#### What is needed
Starting at the line below holding "fun x => exists" and stopping at the line holding "split; [apply down_set_is_ideal", print every line exactly, both ends included, and leave the rest out.

****************

(* The Urysohn space $\mathbb U$ is almost-isometry unique: every metric space almost isometric to $\mathbb U$ is isometric to $\mathbb U$.
   Context: $\mathbb U$ denotes Urysohn's universal separable metric space: the unique (up to isometry) complete separable metric space such that for every finite metric space $F=\{x_0,\dots,x_n\}$, every isometry $\{x_0,\dots,x_{n-1}\}\to\mathbb U$ extends to an isometry $F\to\mathbb U$. For $\lambda>1$, an injection $f$ is $\lambda$-bi-Lipschitz if for all distinct $a,b$ in its domain $d(f(a),f(b))<\lambda d(a,b)$ and $d(a,b)<\lambda d(f(a),f(b))$. Two metric spaces $X,Y$ are almost isometric if for every $\lambda>1$ there is a $\lambda$-bi-Lipschitz bijection from $X$ onto $Y$. *)

From Stdlib Require Import Reals List.
Open Scope R_scope.

Definition is_metric {T : Type} (d : T -> T -> R) : Prop :=
  (forall x y, d x y = 0 <-> x = y) /\
  (forall x y, d x y = d y x) /\
  (forall x y z, d x z <= d x y + d y z).

Definition cauchy_seq {T : Type} (d : T -> T -> R) (u : nat -> T) : Prop :=
  forall eps, 0 < eps -> exists N, forall m n, (N <= m)%nat -> (N <= n)%nat ->
    d (u m) (u n) < eps.

Definition converges_to {T : Type} (d : T -> T -> R) (u : nat -> T) (l : T) : Prop :=
  forall eps, 0 < eps -> exists N, forall n, (N <= n)%nat -> d (u n) l < eps.

Definition complete_metric {T : Type} (d : T -> T -> R) : Prop :=
  forall u : nat -> T, cauchy_seq d u -> exists l, converges_to d u l.

(* separable: there is a countable dense subset (enumerated by a sequence;
   the space is nonempty in our use). *)
Definition separable_metric {T : Type} (d : T -> T -> R) : Prop :=
  exists s : nat -> T, forall x eps, 0 < eps -> exists n, d x (s n) < eps.
(* Any incline $R$ with $|R|\geq 3$ is not $k$-simple.
   Context: A semiring $(R,+,\cdot)$ is a set with two binary operations such that $(R,+)$ is a commutative semigroup, $(R,\cdot)$ is a semigroup, and multiplication distributes over addition from both sides; no zero or identity is assumed. An incline is a semiring with $r+r=r$ for all $r$ and $x+xy=x=x+yx$ for all $x,y\in R$. A zero of $R$ is an element $0$ with $0+r=r$ and $0r=r0=0$ for all $r\in R$. An ideal of $R$ is a nonempty subset $A\subseteq R$ with $a+b\in A$ and $ra,ar\in A$ for all $a,b\in A$, $r\in R$; the trivial ideals are $R$ and, if $R$ has a zero $0$, $\{0\}$. For an ideal $A$, its $k$-closure is $\overline{A}=\{x\in R\mid x+a=b \text{ for some } a,b\in A\}$, and $A$ is a $k$-ideal if $A=\overline{A}$. $R$ is $k$-simple if it has no $k$-ideals other than the trivial ideals. *)

Set Implicit Arguments.

Section Defs.
Variable R : Type.
Variables (add mul : R -> R -> R).

Definition is_semiring : Prop :=
  (forall x y z, add x (add y z) = add (add x y) z) /\
  (forall x y, add x y = add y x) /\
  (forall x y z, mul x (mul y z) = mul (mul x y) z) /\
  (forall x y z, mul x (add y z) = add (mul x y) (mul x z)) /\
  (forall x y z, mul (add x y) z = add (mul x z) (mul y z)).

Definition is_incline : Prop :=
  is_semiring /\
  (forall r, add r r = r) /\
  (forall x y, add x (mul x y) = x /\ add x (mul y x) = x).

Definition is_zero (z : R) : Prop :=
  forall r, add z r = r /\ mul z r = z /\ mul r z = z.

Definition is_ideal (A : R -> Prop) : Prop :=
  (exists a, A a) /\
  (forall a b, A a -> A b -> A (add a b)) /\
  (forall r a, A a -> A (mul r a) /\ A (mul a r)).

Definition k_closure (A : R -> Prop) : R -> Prop :=
  fun x => exists a b, A a /\ A b /\ add x a = b.

Definition is_k_ideal (A : R -> Prop) : Prop :=
  is_ideal A /\ (forall x, A x <-> k_closure A x).

Definition is_trivial_ideal (A : R -> Prop) : Prop :=
  (forall x, A x) \/ (exists z, is_zero z /\ forall x, A x <-> x = z).

Definition k_simple : Prop :=
  forall A, is_k_ideal A -> is_trivial_ideal A.
End Defs.

(* In an incline the principal down-set {x | x + a = a} of any element a is a k-ideal.
   It is all of R only when a is the greatest element, and it is {0} only when a is
   the zero; both elements are unique, so a third element yields a nontrivial k-ideal. *)

Set Implicit Arguments.

Section DownSets.
Variables (R : Type) (add mul : R -> R -> R).
Hypothesis addA : forall x y z, add x (add y z) = add (add x y) z.
Hypothesis addC : forall x y, add x y = add y x.
Hypothesis addxx : forall r, add r r = r.
Hypothesis add_mulr_absorb : forall x y, add x (mul x y) = x.
Hypothesis add_mull_absorb : forall x y, add x (mul y x) = x.

Definition down_set (a : R) : R -> Prop := fun x => add x a = a.

Definition is_greatest (a : R) : Prop := forall x, add x a = a.

Lemma down_set_downward_closed (a x y : R) :
  down_set a x -> add y x = x -> down_set a y.
Proof.
  unfold down_set; intros Hx Hyx.
  rewrite <- Hx, addA, Hyx; reflexivity.
Qed.

Lemma down_set_is_ideal (a : R) : is_ideal add mul (down_set a).
Proof.
  split; [exists a; apply addxx | split].
  - intros x y Hx Hy; unfold down_set.
    rewrite <- addA, Hy; exact Hx.
  - intros r x Hx; split; apply (down_set_downward_closed Hx); rewrite addC.
    + apply add_mull_absorb.
    + apply add_mulr_absorb.
Qed.

Lemma down_set_k_closed (a x : R) :
  k_closure add (down_set a) x -> down_set a x.
Proof.
  intros (a' & b' & Ha' & Hb' & E); unfold down_set in *.
  transitivity (add x (add a' a)); [rewrite Ha'; reflexivity |].
  rewrite addA, E; exact Hb'.
Qed.

Lemma down_set_is_k_ideal (a : R) : is_k_ideal add mul (down_set a).
Proof.
  split; [apply down_set_is_ideal | intros x; split].
  - intros Hx; exists a, a; unfold down_set; auto.
  - apply down_set_k_closed.
Qed.

Lemma trivial_down_set (a : R) :
  is_trivial_ideal add mul (down_set a) -> is_greatest a \/ is_zero add mul a.
Proof.
  intros [Hall | (z & Hz & Hdown)]; [left; exact Hall | right].
  assert (a = z) as -> by (apply Hdown, addxx).
  exact Hz.
Qed.

Lemma greatest_unique (a b : R) : is_greatest a -> is_greatest b -> a = b.
Proof. intros Ha Hb; rewrite <- (Hb a), addC; symmetry; apply Ha. Qed.

Lemma zero_unique (a b : R) : is_zero add mul a -> is_zero add mul b -> a = b.
Proof.
  intros Ha Hb; destruct (Ha b) as [Eb _]; destruct (Hb a) as [Ea _].
  rewrite <- Eb, addC; symmetry; exact Ea.
Qed.

Lemma k_simple_greatest_or_zero (a : R) :
  k_simple add mul -> is_greatest a \/ is_zero add mul a.
Proof. intros K; apply trivial_down_set, K, down_set_is_k_ideal. Qed.

End DownSets.

Theorem lemma5p2 (R : Type) (add mul : R -> R -> R) :
  is_incline add mul ->
  (exists a b c : R, a <> b /\ a <> c /\ b <> c) ->
  ~ k_simple add mul.
Proof.
  intros ((addA & addC & _ & _ & _) & addxx & absorb) (a & b & c & ab & ac & bc) K.
  assert (greatest_or_zero : forall x, is_greatest add x \/ is_zero add mul x).
  { intros x; apply k_simple_greatest_or_zero; auto;
      intros; apply absorb. }
  pose proof (greatest_unique addC) as top_uniq.
  pose proof (zero_unique (mul := mul) addC) as zero_uniq.
  destruct (greatest_or_zero a) as [Ta | Za], (greatest_or_zero b) as [Tb | Zb],
    (greatest_or_zero c) as [Tc | Zc]; eauto.
Qed.
(* Each ordering is a closed half-plane condition on the relative position of the
   robots, opposite orderings are disjoint, and every configuration of F_2 lies in
   some ordering.  Follow a feasible schedule from A: at the last time it lies in
   its current ordering it also lies in an adjacent one, which it enters right
   after; since an ordering once left is never re-entered, it keeps turning the
   same way around the four-cycle and reaches an ordering of B within three turns.
   The configurations at these exit times form a route of at most four legs, each
   inside one ordering, whose straight-line cost is at most the makespan.
   Conversely, moving straight along the legs of a route at unit speed is a
   feasible schedule of makespan equal to the cost, and it does not repeat an
   ordering, because along a segment an ordering holds on an interval of times.
   Routes of bounded cost form a compact set of waypoints, so an optimal route
   exists; if A and B share an ordering the direct segment is optimal instead. *)

Lemma dist1_ge0 p q : 0 <= dist1 p q.
Proof. unfold dist1. pose proof (Rabs_pos (fst p - fst q)). pose proof (Rabs_pos (snd p - snd q)). lra. Qed.

Lemma dist1_refl p : dist1 p p = 0.
Proof. unfold dist1. rewrite !Rminus_diag, Rabs_R0. ring. Qed.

****************

#### The answer
  fun x => exists a b, A a /\ A b /\ add x a = b.

Definition is_k_ideal (A : R -> Prop) : Prop :=
  is_ideal A /\ (forall x, A x <-> k_closure A x).

Definition is_trivial_ideal (A : R -> Prop) : Prop :=
  (forall x, A x) \/ (exists z, is_zero z /\ forall x, A x <-> x = z).

Definition k_simple : Prop :=
  forall A, is_k_ideal A -> is_trivial_ideal A.
End Defs.

(* In an incline the principal down-set {x | x + a = a} of any element a is a k-ideal.
   It is all of R only when a is the greatest element, and it is {0} only when a is
   the zero; both elements are unique, so a third element yields a nontrivial k-ideal. *)

Set Implicit Arguments.

Section DownSets.
Variables (R : Type) (add mul : R -> R -> R).
Hypothesis addA : forall x y z, add x (add y z) = add (add x y) z.
Hypothesis addC : forall x y, add x y = add y x.
Hypothesis addxx : forall r, add r r = r.
Hypothesis add_mulr_absorb : forall x y, add x (mul x y) = x.
Hypothesis add_mull_absorb : forall x y, add x (mul y x) = x.

Definition down_set (a : R) : R -> Prop := fun x => add x a = a.

Definition is_greatest (a : R) : Prop := forall x, add x a = a.

Lemma down_set_downward_closed (a x y : R) :
  down_set a x -> add y x = x -> down_set a y.
Proof.
  unfold down_set; intros Hx Hyx.
  rewrite <- Hx, addA, Hyx; reflexivity.
Qed.

Lemma down_set_is_ideal (a : R) : is_ideal add mul (down_set a).
Proof.
  split; [exists a; apply addxx | split].
  - intros x y Hx Hy; unfold down_set.
    rewrite <- addA, Hy; exact Hx.
  - intros r x Hx; split; apply (down_set_downward_closed Hx); rewrite addC.
    + apply add_mull_absorb.
    + apply add_mulr_absorb.
Qed.

Lemma down_set_k_closed (a x : R) :
  k_closure add (down_set a) x -> down_set a x.
Proof.
  intros (a' & b' & Ha' & Hb' & E); unfold down_set in *.
  transitivity (add x (add a' a)); [rewrite Ha'; reflexivity |].
  rewrite addA, E; exact Hb'.
Qed.

Lemma down_set_is_k_ideal (a : R) : is_k_ideal add mul (down_set a).
Proof.
  split; [apply down_set_is_ideal | intros x; split].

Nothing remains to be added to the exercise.